Thus did Dante know the whole round of science in his time better than any modern university man. People who take exception to his knowledge fail to realize its environment. They may smile a little scornfully now at his complacent acceptance of the Ptolemaic system without a question, but it must not be forgotten that for three centuries after his time educated men still continued to accept it, and that even the distinguished Jesuit astronomer, Clavius, to whom we owe the Gregorian reformation of the calendar and the restoration of the year to its proper place as regards the heavens, not only accepted it, but worked out his calendar reform problems by means of it. Clavius’s great contemporary, Tycho-Brahe, the distinguished Danish astronomer, found no reason to reject it. Even Lord Bacon, who with perverted historical sense is still proclaimed the father of modern experimental science, also accepted the Ptolemaic system, and found that it thoroughly explained all the phenomena of the heavens, while he rejected the Copernican system, then nearly a century before the world, because he thought it did not.

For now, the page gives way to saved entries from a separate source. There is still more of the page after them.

(* For $c\in(0,\tfrac12]$ and a path $\xi=x_1x_2\cdots\in\Omega$ put \[ K^{(c)}_n(\xi):=\prod_{j=2}^{n}\bigl(1-c\,\overline{x}_{j-1}x_j\bigr)\qquad(K^{(c)}_0=K^{(c)}_1=1). \] This is the capital of the multiplicative contrarian strategy $\mathcal{P}_c$: $M_n=-c\,\overline{x}_{n-1}\mathcal{K}_{n-1}$ with initial capital $1$. Let Skeptic follow the mixture $\mathcal{Q}=\sum_{i\ge1}2^{-i}\mathcal{P}_{2^{-i}}$ with initial capital $1$. His capital is then \[ \mathcal{K}_n=\sum_{i\ge1}2^{-i}K^{(2^{-i})}_n . \] Then $\mathcal{K}_n(\xi)\ge 0$ for all $\xi\in\Omega$ and all $n$. Moreover $\mathcal{K}_n(\xi)\to\infty$ as $n\to\infty$ for every path $\xi\notin E_1$, where \[ E_1:=\{\xi:\ \limsup_{n\to\infty}\sqrt n\,|\overline{x}_n|\ge 1\}. \] Equivalently, Skeptic can force $E_1$ by $\mathcal{Q}$.
   Context: Fair-coin game: the initial capital is $\mathcal{K}_0$. In rounds $n=1,2,\dots$ Skeptic announces $M_n\in\mathbb{R}$, then Reality announces $x_n\in\{-1,1\}$, and $\mathcal{K}_n:=\mathcal{K}_{n-1}+M_nx_n$. Skeptic's move may depend only on $x_1,\dots,x_{n-1}$. A path is an infinite sequence $\xi=x_1x_2\cdots\in\{-1,1\}^{\mathbb{N}}$, and $\Omega$ is the set of paths. We write $s_n:=x_1+\cdots+x_n$ and $\overline{x}_n:=s_n/n$, with $s_0=\overline{x}_0=0$. A strategy $\mathcal{P}$ assigns a real number to each finite sequence (situation). Its capital process with zero initial capital is $\mathcal{K}^{\mathcal{P}}_n(\xi)=\sum_{k=1}^n\mathcal{P}(x_1\cdots x_{k-1})x_k$. Skeptic forces an event $E\subseteq\Omega$ if there is a strategy $\mathcal{P}$ such that $\mathcal{K}^{\mathcal{P}}_n(\xi)\ge-1$ for all $\xi\in\Omega$ and all $n\ge0$, and $\lim_n\mathcal{K}^{\mathcal{P}}_n(\xi)=\infty$ for all $\xi\notin E$. Equivalently, the capital started from $1$ stays nonnegative and tends to infinity off $E$. *)

From Stdlib Require Import Reals.
From Coquelicot Require Import Coquelicot.
Open Scope R_scope.

(* A path is xi : nat -> bool; the move x_k (k >= 1) is +1 if xi k, -1 otherwise.
   The value xi 0 is never used. *)
Definition xv (xi : nat -> bool) (k : nat) : R := if xi k then 1 else -1.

The surprise, however, is not in Dante’s knowledge of astronomy, but in his familiarity with details of biology that enables him to reason, though in poetic language, with straightforward and logical directness with regard to basic thought in this science that is usually considered so thoroughly modern.

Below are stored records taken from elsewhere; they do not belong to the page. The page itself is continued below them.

Lemma avg_cost_opt_of_reduced (lam g : R) (z : nat -> R) :
  reduced_acoe g z -> linearly_bounded z ->
  p * q * z 0%nat + p * lam = (1 - p) * q * g ->
  avg_cost_opt w p q lam g (h_of_reduced lam g z).
Proof.
  intros Hz [C HC] Hb. split; [|split].
  - simpl. field. lra.
  - intro d. specialize (Hz d).
    rewrite Vbar_passive_reduced, Vbar_active_reduced, Rmin_plus_r.
    rewrite reduced_h_of_reduced, completion_value_h_of_reduced by exact Hb.
    unfold damp in Hz. simpl. lra.
  - exists (C + Rabs (lam / q)). intro d. simpl.
    eapply Rle_trans; [apply Rabs_triang|]. specialize (HC d).
    pose proof (Rabs_pos (lam / q)).
    assert (0 <= Rabs (lam / q) * INR d) by (apply Rmult_le_pos; [lra|apply pos_INR]).
    lra.
Qed.

Lemma avg_cost_le (lam1 lam2 g1 g2 : R) (h1 h2 : state -> R) :
  lam1 <= lam2 ->
  avg_cost_opt w p q lam1 g1 h1 -> avg_cost_opt w p q lam2 g2 h2 -> g1 <= g2.
Proof.
  intros Hlam H1 H2.
  destruct (avg_cost_opt_reduced lam1 g1 h1 H1) as [Z1 [B1 E1]].
  destruct (avg_cost_opt_reduced lam2 g2 h2 H2) as [Z2 [B2 E2]].
  set (z1 := reduced_h lam1 h1) in *. set (z2 := reduced_h lam2 h2) in *.
  destruct (Rle_lt_dec g1 g2) as [H|H]; [exact H|exfalso].
  pose proof (reduced_acoe_antitone g2 g1 z2 z1 Z2 B2 Z1 B1 (Rlt_le _ _ H) 1%nat) as Hz1.
  assert (Hz0 : g1 - g2 <= z2 0%nat - z1 0%nat).
  { pose proof (damp_le _ _ Hz1). pose proof (Z1 0%nat). pose proof (Z2 0%nat). lra. }
  assert (0 <= (1 - p) * q * (g1 - g2)) by (apply Rmult_le_pos; nra).
  assert (0 < p * q * (z2 0%nat - z1 0%nat)) by (apply Rmult_lt_0_compat; nra).
  nra.
Qed.

Lemma passive_set_monotone (lam1 lam2 g1 g2 : R) (h1 h2 : state -> R) (s : state) :
  lam1 <= lam2 ->
  avg_cost_opt w p q lam1 g1 h1 -> avg_cost_opt w p q lam2 g2 h2 ->
  passive_set w p q lam1 h1 s -> passive_set w p q lam2 h2 s.
Proof.
  intros Hlam H1 H2. destruct s as [d|]; [|trivial].
  rewrite !passive_set_reduced.
  destruct (avg_cost_opt_reduced lam1 g1 h1 H1) as [Z1 [B1 _]].
  destruct (avg_cost_opt_reduced lam2 g2 h2 H2) as [Z2 [B2 _]].
  pose proof (reduced_acoe_antitone g1 g2 _ _ Z1 B1 Z2 B2
                (avg_cost_le lam1 lam2 g1 g2 h1 h2 Hlam H1 H2) (S d)).
  lra.
Qed.

(** The activation cost for which [threshold_sol g T] satisfies the boundary
    relation. *)
Definition activation_slope (T : nat) : R := (1 - p) * q / p + 1 + q * INR T.

Definition activation_cost (T : nat) (g : R) : R :=
  g * activation_slope T - w * INR T - w * (1 - q) / q
  - q * w * INR T * (INR T - 1) / 2.

Lemma threshold_sol_boundary (g : R) (T : nat) :
  p * q * threshold_sol g T 0 + p * activation_cost T g = (1 - p) * q * g.
Proof.
  rewrite threshold_sol_below by lia.
  unfold quadratic_branch, affine_branch, activation_cost, activation_slope. simpl.
  field. lra.
Qed.

Lemma activation_slope_pos (T : nat) : 0 < activation_slope T.
Proof.
  unfold activation_slope.
  assert (0 <= (1 - p) * q / p).
  { apply Rmult_le_pos; [nra|]. left. apply Rinv_0_lt_compat. lra. }
  assert (0 <= q * INR T) by (apply Rmult_le_pos; [lra|apply pos_INR]).
  lra.
Qed.

Lemma activation_cost_le_iff (T : nat) (x y : R) :
  activation_cost T x <= activation_cost T y <-> x <= y.
Proof.
  pose proof (activation_slope_pos T).
  assert (E : activation_cost T y - activation_cost T x = (y - x) * activation_slope T)
    by (unfold activation_cost; ring).
  split; intro; nra.
Qed.

Lemma activation_cost_breakpoint (T : nat) :
  activation_cost (S T) (w * INR T + w / q) = activation_cost T (w * INR T + w / q).
Proof. unfold activation_cost, activation_slope. rewrite S_INR. field. lra. Qed.

Lemma activation_cost_ge (T : nat) : w * INR T <= activation_cost T (w * INR T + w / q).
Proof.
  pose proof (activation_slope_pos T).
  assert (E : activation_cost T (w * INR T + w / q) - w * INR T
              = (w * INR T + w / q) * ((1 - p) * q / p)
                + q * w * INR T * (INR T + 1) / 2 + w)
    by (unfold activation_cost, activation_slope; field; lra).
  assert (0 <= (1 - p) * q / p).
  { apply Rmult_le_pos; [nra|]. left. apply Rinv_0_lt_compat. lra. }
  assert (0 <= w / q) by (pose proof w_le_w_div_q; lra).
  assert (0 <= w * INR T) by (apply Rmult_le_pos; [lra|apply pos_INR]).
  assert (0 <= (w * INR T + w / q) * ((1 - p) * q / p)) by (apply Rmult_le_pos; lra).
  assert (0 <= q * w * INR T * (INR T + 1))
    by (pose proof (pos_INR T); repeat apply Rmult_le_pos; lra).
  lra.
Qed.

Lemma reduced_solution_exists (lam : R) :
  exists g z, reduced_acoe g z /\ linearly_bounded z /\
    p * q * z 0%nat + p * lam = (1 - p) * q * g.
Proof.
  set (b T := activation_cost T (w * INR T + w / q)).
  destruct (archimedean_mult w lam Hw) as [N HN].
  destruct (first_exceeding b lam N) as [T [HbT Hprev]].
  { pose proof (activation_cost_ge N). unfold b. lra. }
  pose proof (activation_slope_pos T).
  set (g := (lam - activation_cost T 0) / activation_slope T).
  assert (Hlam : activation_cost T g = lam).
  { unfold g, activation_cost. field. lra. }
  exists g, (threshold_sol g T). split; [|split].
  - apply threshold_sol_acoe.
    + destruct T as [|T]; [left; reflexivity|right].
      specialize (Hprev T eq_refl). unfold b in Hprev.
      rewrite <- activation_cost_breakpoint, <- Hlam, activation_cost_le_iff in Hprev.
      rewrite S_INR. lra.
    + destruct (Rlt_le_dec g (w * INR T + w / q)) as [Hlt|Hge]; [exact Hlt|].
      rewrite <- (activation_cost_le_iff T) in Hge. unfold b in HbT. lra.
  - apply threshold_sol_bounded.
  - rewrite <- Hlam. apply threshold_sol_boundary.
Qed.

Lemma avg_cost_opt_exists (lam : R) : exists g h, avg_cost_opt w p q lam g h.
Proof.
  destruct (reduced_solution_exists lam) as [g [z [Hz [Bz Hb]]]].
  exists g, (h_of_reduced lam g z). exact (avg_cost_opt_of_reduced lam g z Hz Bz Hb).
Qed.

Lemma passive_set_eventually (d : nat) :
  exists L, forall lam g (h : state -> R),
    L <= lam -> avg_cost_opt w p q lam g h -> passive_set w p q lam h (Some d).
Proof.
  set (G := w * INR d + w / q).
  set (L := activation_cost (S d) G).
  set (Z := threshold_sol G (S d)).
  assert (Hb : p * q * Z 0%nat + p * L = (1 - p) * q * G) by apply threshold_sol_boundary.
  assert (HZ : reduced_acoe G Z).
  { apply threshold_sol_acoe; rewrite S_INR; unfold G; [right|]; lra. }
  exists L. intros lam g h HL Hopt.
  apply (passive_set_monotone L lam G g (h_of_reduced L G Z) h); [exact HL| |exact Hopt|].
  - exact (avg_cost_opt_of_reduced L G Z HZ (threshold_sol_bounded G (S d)) Hb).
  - rewrite passive_set_reduced, reduced_h_of_reduced by exact Hb.
    unfold Z. rewrite threshold_sol_above by lia.
    pose proof (q_mul_affine_branch G (S d)). rewrite S_INR in *. unfold G in *. nra.
Qed.

Lemma user_indexable_geometric : user_indexable w p q.
Proof.
  split; [|split].
  - intros lam _. apply avg_cost_opt_exists.
  - intros lam1 lam2 g1 g2 h1 h2 _ Hlam H1 H2 s.
    exact (passive_set_monotone lam1 lam2 g1 g2 h1 h2 s Hlam H1 H2).
  - intros [d|].
    + apply passive_set_eventually.
    + exists 0. intros. exact I.
Qed.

Another surprising feature is the knowledge of the habits of birds and of insects. Our modern students of nature are supposed to be the first who went deeply enough into these subjects to make them material for literature. Here, however, is Dante describing, in a few picturesque words, characteristic peculiarities of birds and insects, which our modern writers spend pages over, yet tell us scarcely more about them. A little knowledge of Dante is evidently the best antidote that our generation can have for that foolish persuasion that the Middle Ages were ignorant of science and that the universities taught nothing but nonsense about nature.